When actress Cloris Leachman hoisted a leg up on the judges' desk after a brisk number on "Dancing with the Stars" Monday night, she shocked people with her sexy ploy. But she also wowed people with her agility.
At 82, Leachman survived the first round of the dance competition show, all the while donning high heels, a tight gown and spinning with the best of them.
It was entertainment, sure, but doctors say it is an example of what many people could be capable of doing in their 60s, 70s, and 80s.
According to Leachman's publicist, she could not grant any interviews this week. But a representative from "Dancing with the Stars" said Leachman got "the thumbs up" by four doctors on the set.
"I say kudos to Cloris Leachman," said Dr. Mark R. Hutchinson, professor of orthopedics and sports medicine at the University of Illinois at Chicago.
"Dara Torres in the Olympic Games in her 40s winning the silver medal and Cloris Leachman at 82 years old on 'Dancing with the Stars,'" said Hutchinson. "The message is clear: Our pre-determined expectations, based on age alone, are clearly wrong."
Yet, some expectations about age, with people's bad backs and broken hips, surely must be right. Hutchinson and other doctors recommend watching the risks of exercising and achieving Leachman's fitness level.
"While age is a factor related to injury risk, it's more important to look at a person's physiologic age, rather than calendar age," said Hutchinson.
By "physiologic age," Hutchinson means the state of a person's lungs, heart, balance, coordination, muscle, and past history of diseases. All this can put a person at risk for injury or heart trouble during exercise, no matter what their age.
Yet, when it comes to bones, older folks tend to have a clear disadvantage.
"Everybody at that age has arthritis, though some more severe," said Dr. Robert Sallis, director of sports medicine at the Kaiser Permanent Medical Center in Fontana, Calif., and the immediate past president of the American College of Sports Medicine.
Sallis said, however, "I think my biggest concern is, women at that age often have osteoporosis, or osteopenia (low bone density)."
According to the World Health Organization, 70 percent of women over the age of 80 suffer from bone loss, which translates into falls being more risky for older people.
"With a fall, the same type of impact in two people weighing the same weight is more likely to result in a fracture in an older person," said Dr.
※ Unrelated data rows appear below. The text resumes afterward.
(* Let $\eta\in(0,1)$. There exists a positive sequence $(\epsilon_j)_{j\ge1}$ converging to $0$ such that, with probability 1, for every $j$ large enough and every $W\in\Sigma_{\lfloor j(\eta-\epsilon_j)\rfloor}$, one has $\mathcal S_j(\eta,W)\neq\emptyset$.
   Context: Fix $d\ge1$. $\Sigma_j$ is the set of words of length $j$ over the alphabet $\{0,1\}^d$ and $\Sigma^*=\bigcup_{j\ge1}\Sigma_j$; for $w=w_1\cdots w_j\in\Sigma_j$ with $w_k=(w_k^{(1)},\dots,w_k^{(d)})$, $I_w=\prod_{i=1}^d[x_w^{(i)},x_w^{(i)}+2^{-j}]$ where $x_w^{(i)}=\sum_{k=1}^jw_k^{(i)}2^{-k}$. Let $(p_w)_{w\in\Sigma^*}$ be independent Bernoulli random variables with $\mathbb P(p_w=1)=2^{-d(1-\eta)|w|}$. Set $\mathcal S_j(\eta)=\{w\in\Sigma_j:p_w=1\}$ and, for $W\in\Sigma^*$, $\mathcal S_j(\eta,W)=\{w\in\mathcal S_j(\eta): I_w\subset I_W\}$. *)

From HB Require Import structures.
From mathcomp Require Import all_boot all_order all_algebra.
From mathcomp Require Import all_classical all_reals all_analysis.
Set Implicit Arguments. Unset Strict Implicit. Unset Printing Implicit Defensive.
Import Order.TTheory GRing.Theory Num.Theory.
Local Open Scope classical_set_scope.
Local Open Scope ring_scope.

(* Words of length j over the alphabet {0,1}^d: w k i = w_k^{(i)} (k < j, i < d). *)
Definition word (d j : nat) := {ffun 'I_j -> {ffun 'I_d -> bool}}.

(* Sigma^* : words of any length (the length is the tag); p is only
   constrained on lengths j >= 1. *)
Definition anyword (d : nat) := {j : nat & word d j}.

(* x_w^{(i)} = sum_{k=1}^j w_k^{(i)} 2^{-k}  (0-indexed k here) *)
Definition corner (R : realType) (d j : nat) (w : word d j) (i : 'I_d) : R :=
  \sum_(k < j) ((w k i : nat)%:R * 2 ^- k.+1).

Definition cube (R : realType) (d j : nat) (w : word d j) : set ('I_d -> R) :=
  [set x | forall i, @corner R d j w i <= x i <= @corner R d j w i + 2 ^- j].

Definition mutually_independent (R : realType) (dT : measure_display)
  (T : measurableType dT) (P : probability T R) (I : eqType) (X : I -> T -> bool) :=
  forall (s : seq I), uniq s -> forall b : I -> bool,
    P (\bigcap_(i in [set` s]) [set t | X i t = b i]) =
    (\prod_(i <- s) P [set t | X i t = b i])%E.

From HB Require Import structures.
From mathcomp Require Import all_boot all_order all_algebra.
From mathcomp Require Import all_classical all_reals all_analysis.
From mathcomp Require Import ring lra zify.
Import Order.TTheory GRing.Theory Num.Theory.
Local Open Scope classical_set_scope.
Local Open Scope ring_scope.

(* Fix a level k <= j(eta - eps_j).  Below a word W of length k lie 2^(d(j-k))
   words of length j, each retained independently with probability
   q = 2^(-d(1-eta)j), so W has no retained descendant with probability
   (1 - q)^(2^(d(j-k))) <= exp(-2^(d(eta j - k))).  With eps_j = C / sqrt(j+1)
   we have eta j - k >= C sqrt(j+1) / 2, so this is small enough to beat a union
   bound over the 2^(dk) words W: some W of length k is barren with probability
   at most 2^(-j).  These probabilities are summable, and Borel-Cantelli
   concludes. *)

Section words.
Context {d : nat}.

Lemma card_word n : #|{: word d n}| = ((2 ^ d) ^ n)%N.
Proof. by rewrite !card_ffun card_bool !card_ord. Qed.

(* Letter [m] of [w], or the zero letter when [m] is out of range. *)
Definition word_nth {n} (w : word d n) (m : nat) : {ffun 'I_d -> bool} :=
  if insub m is Some i then w i else [ffun=> false].

Lemma word_nthE n (w : word d n) (i : 'I_n) : word_nth w i = w i.
Proof. by rewrite /word_nth valK. Qed.

Definition word_cat {k} j (W : word d k) (v : word d (j - k)) : word d j :=
  [ffun i : 'I_j => if (i < k)%N then word_nth W i else word_nth v (i - k)].

Lemma word_cat_inj k j (W : word d k) : (k <= j)%N -> injective (word_cat j W).
Proof.
move=> kj v1 v2 e; apply/ffunP => i.
have ki : (k + i < j)%N by have := ltn_ord i; lia.
have := congr1 (fun w : word d j => w (Ordinal ki)) e.
by rewrite !ffunE /= ltnNge leq_addr /= addKn !word_nthE.
Qed.

End words.

Lemma sum_halves_nat (R : numFieldType) k j : (k <= j)%N ->
  \sum_(k <= m < j) (2 : R) ^- m.+1 = 2 ^- k - 2 ^- j.
Proof.
move=> kj; rewrite -opprB -(telescope_sumr (fun m => (2 : R) ^- m)) // -sumrN.
apply: eq_big_nat => m _; rewrite exprSr invfM opprB.
by field; rewrite expf_neq0 // pnatr_eq0.
Qed.

Lemma corner_word_cat (R : realType) d k j (W : word d k) (v : word d (j - k)) i :
  (k <= j)%N ->
  corner R (word_cat j W v) i =
    corner R W i + \sum_(k <= m < j) ((word_nth v (m - k) i : nat)%:R * 2 ^- m.+1).
Proof.
move=> kj; rewrite /corner.
pose g m : R :=
  (((if (m < k)%N then word_nth W m else word_nth v (m - k)) i : nat)%:R * 2 ^- m.+1).
rewrite (eq_bigr (fun m : 'I_j => g m)); last by move=> m _; rewrite ffunE.
rewrite -(big_mkord xpredT g) (big_cat_nat (leq0n k) kj) /=; congr (_ + _).
  rewrite (eq_bigr (fun m : 'I_k => (word_nth W m i : nat)%:R * 2 ^- m.+1));
    last by move=> m _; rewrite word_nthE.
  rewrite -(big_mkord xpredT (fun m => (word_nth W m i : nat)%:R * 2 ^- m.+1)).
  by apply: eq_big_nat => m /andP[_ mk]; rewrite /g mk.
by apply: eq_big_nat => m /andP[km _]; rewrite /g ltnNge km.
Qed.

Lemma cube_word_cat_sub (R : realType) d k j (W : word d k) (v : word d (j - k)) :
  (k <= j)%N -> @cube R d j (word_cat j W v) `<=` @cube R d k W.
Proof.
move=> kj x cube_x i; have /andP[] := cube_x i; rewrite corner_word_cat //.
set S := \sum_(_ <= _ < _) _.
have S_ge0 : 0 <= S.
  by apply: sumr_ge0 => m _; rewrite mulr_ge0 ?ler0n ?invr_ge0 ?exprn_ge0.
have S_le : S <= 2 ^- k - 2 ^- j.
  rewrite -sum_halves_nat //; apply: ler_sum => m _.
  rewrite ler_piMl ?invr_ge0 ?exprn_ge0 //.
  by case: (word_nth v (m - k) i).
move=> lo hi; apply/andP; split; lra.
Qed.

Section finite_events.
Context {dT : measure_display} {T : measurableType dT} {I : Type}.

Lemma measurable_has (A : I -> T -> bool) (s : seq I) :
  (forall i, measurable [set t | A i t]) ->
  measurable [set t | has (fun i => A i t) s].
Proof.
move=> mA; elim: s => [|a s IH] /=.
  by rewrite [X in measurable X](_ : _ = set0) //; apply/seteqP; split => t.
rewrite [X in measurable X](_ : _ = [set t | A a t] `|` [set t | has (A^~ t) s]).
  exact: measurableU.
by apply/seteqP; split => t /= /orP.
Qed.

Lemma measurable_all (A : I -> T -> bool) (s : seq I) :
  (forall i, measurable [set t | A i t]) ->
  measurable [set t | all (fun i => A i t) s].
Proof.
move=> mA; elim: s => [|a s IH] /=.
  by rewrite [X in measurable X](_ : _ = setT) //; apply/seteqP; split => t.
rewrite [X in measurable X](_ : _ = [set t | A a t] `&` [set t | all (A^~ t) s]).
  exact: measurableI.
by apply/seteqP; split => t /= /andP.
Qed.

Lemma measurable_negb (A : T -> bool) :
  measurable [set t | A t] -> measurable [set t | ~~ A t].
Proof.
move=> mA; rewrite [X in measurable X](_ : _ = ~` [set t | A t]).
  exact: measurableC.
by apply/seteqP; split => t /= /negP.
Qed.

Lemma le_measure_has (R : realType) (mu : {measure set T -> \bar R})
    (A : I -> T -> bool) (s : seq I) :
  (forall i, measurable [set t | A i t]) ->
  (mu [set t | has (fun i => A i t) s] <= \sum_(i <- s) mu [set t | A i t])%E.
Proof.
move=> mA; elim: s => [|a s IH] /=.
  by rewrite big_nil [X in mu X](_ : _ = set0) ?measure0 //; apply/seteqP; split => t.
rewrite big_cons [X in mu X](_ : _ = [set t | A a t] `|` [set t | has (A^~ t) s]).
  apply: le_trans (measureU2 _ _ _) _ => //; first exact: measurable_has.
  exact: leeD.
by apply/seteqP; split => t /= /orP.
Qed.

End finite_events.

Lemma prob_none_indep {R : realType} {dT : measure_display} {T : measurableType dT}
    (P : probability T R) {I : eqType} (X : I -> T -> bool) (q : R) (s : seq I) :
  mutually_independent P X -> (forall i, measurable [set t | X i t]) -> uniq s ->
  (forall i, i \in s -> P [set t | X i t] = q%:E) ->
  P [set t | all (fun i => ~~ X i t) s] = ((1 - q) ^+ size s)%:E.
Proof.
move=> indep mX s_uniq PX.
have -> : [set t | all (fun i => ~~ X i t) s] =
          \bigcap_(i in [set` s]) [set t | X i t = false].
  apply/seteqP; split => t /=.
    by move=> /allP none i /= si; apply/negbTE/none.
  by move=> none; apply/allP => i si; apply/negbT/none.
rewrite (indep s s_uniq (fun=> false)).
elim: {s_uniq} s PX => [|a s IH] PX; first by rewrite big_nil.
rewrite big_cons IH /= => [|i si]; last by rewrite PX // inE si orbT.
have -> : [set t | X a t = false] = ~` [set t | X a t].
  by apply/seteqP; split => t /=; [move=> ->|move/negP/negbTE].
by rewrite probability_setC // PX ?mem_head // exprS EFinM.
Qed.

Lemma ae_eventually_notin {R : realType} {dT : measure_display} {T : measurableType dT}
    (mu : {measure set T -> \bar R}) (F : (set T)^nat) :
  (forall n, measurable (F n)) -> (\sum_(n <oo) mu (F n) < +oo)%E ->
  {ae mu, forall t, exists N, forall n, (N <= n)%N -> ~ F n t}.
Proof.
move=> mF summable; exists (lim_sup_set F); split.
- by apply: bigcap_measurable => // k _; apply: bigcup_measurable.
- exact: lim_sup_set_cvg0.
move=> t /= not_eventually N _; apply: contrapT => not_after_N.
apply: not_eventually; exists N.+1 => n Nn Fnt.
by apply: not_after_N; exists n => //=; lia.
Qed.

Lemma nneseries_halves_lty (R : realType) : (\sum_(n <oo) ((2 : R) ^- n)%:E < +oo)%E.
Proof.
rewrite (@eq_eseriesr _ _ (fun n => (2 / (2 ^ (n + 1))%:R)%:E)) => [|n _].
  by move: (@cvg_geometric_eseries_half R 2 0) => /cvg_lim ->; rewrite ?ltry.
congr EFin.
by rewrite natrX addn1 exprS invfM mulrA divff ?mul1r // pnatr_eq0.
Qed.

Section exponential_bounds.
Context {R : realType}.

Lemma ln2_gt0 : 0 < ln (2 : R).
Proof. by rewrite ln_gt0 // ltr1n. Qed.

Lemma expr2_expR n : (2 : R) ^+ n = expR (n%:R * ln 2).
Proof. by rewrite expRM_natl lnK // posrE. Qed.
Misty Suri, a sports medicine orthopedic surgeon at the Ochsner Sports Medicine Department in New Orleans.
A hip fracture in an 80-year-old is often much more dangerous than a hip fracture for a younger person. Elderly patients can have trouble tolerating surgery, and doctors say they often get sick with pneumonia while lying in bed.
"The mortality of a hip fracture is very high," Sallis said.
But Suri said people can do a lot to overcome bone loss: With each force exerted on the bone during exercise, the bone will remodel and strengthen.
"Many people these days who are old are getting back in shape," Suri said. "We have people in their 70s, 80s, saying they are in the best shape of their lives."
Dr. Neil Resnick, chief of geriatric medicine at the University of Pittsburgh and director of the University of Pittsburgh Institute on Aging, said many people are confused about which physical ailments are caused by natural aging or by decades of abuse to our bodies.
"I think the bottom line is that, if we talk about the impact of aging, alone, it is a slight decline over your lifetime," said Resnick.
That decline, according to Resnick, takes two forms. After about age 30, people's organs naturally experience a 1 percent decline in physiological power per one calendar year of life.
But Resnick said that decline isn't such a big deal, considering that, at top shape, our organs are designed to function at a capacity 4 to 6 times more than a body needs in daily living.
"That's why you can give up a whole kidney and still live," Resnick said. "That's why Johnny Kelly, at 83, ran the Boston Marathon, and I mean, ran the marathon, he didn't walk the marathon."
The second decline, according to Resnick, includes "farsightedness, hearing loss, and 50 percent of people get degenerative arthritis -– that's it, that's aging."
Resnick attributes more health problems in old age to the probability that people have suffered from diseases, like diabetes.
"With longevity, 20 percent of it is determined by genes," said Resnick. "The rest of it is determined by you, and what you choose to do."
Yet, doctors say how to choose an exercise at age 80 can be tricky.
"For this lady, if she can do all that stuff, she's in good physical shape, and she can maintain it, great," Suri said. "For a typical patient, you would not encourage someone to do this sort of thing. ... If someone hasn't exercised regularly, we'd encourage them to see their doctor before they start."
Once a person older than 40, or with a medical problem, gets clearance from the doctors, most experts have two words of advice: Start slow.
"You would want to start with a walking program, or start with dance maneuvers that are much simpler," said Sallis, but "You should go for it."
According to Sallis, people who exercise three to four times a week cut their risk of dementia and Alzheimer's, and by working their bones, they cut their risk of bone fracture injuries in the first place.
"You'd be safer if you sit in the house all day, but you'd die of chronic diseases that way," Sallis said. "The benefits so far outweigh the risk of injury."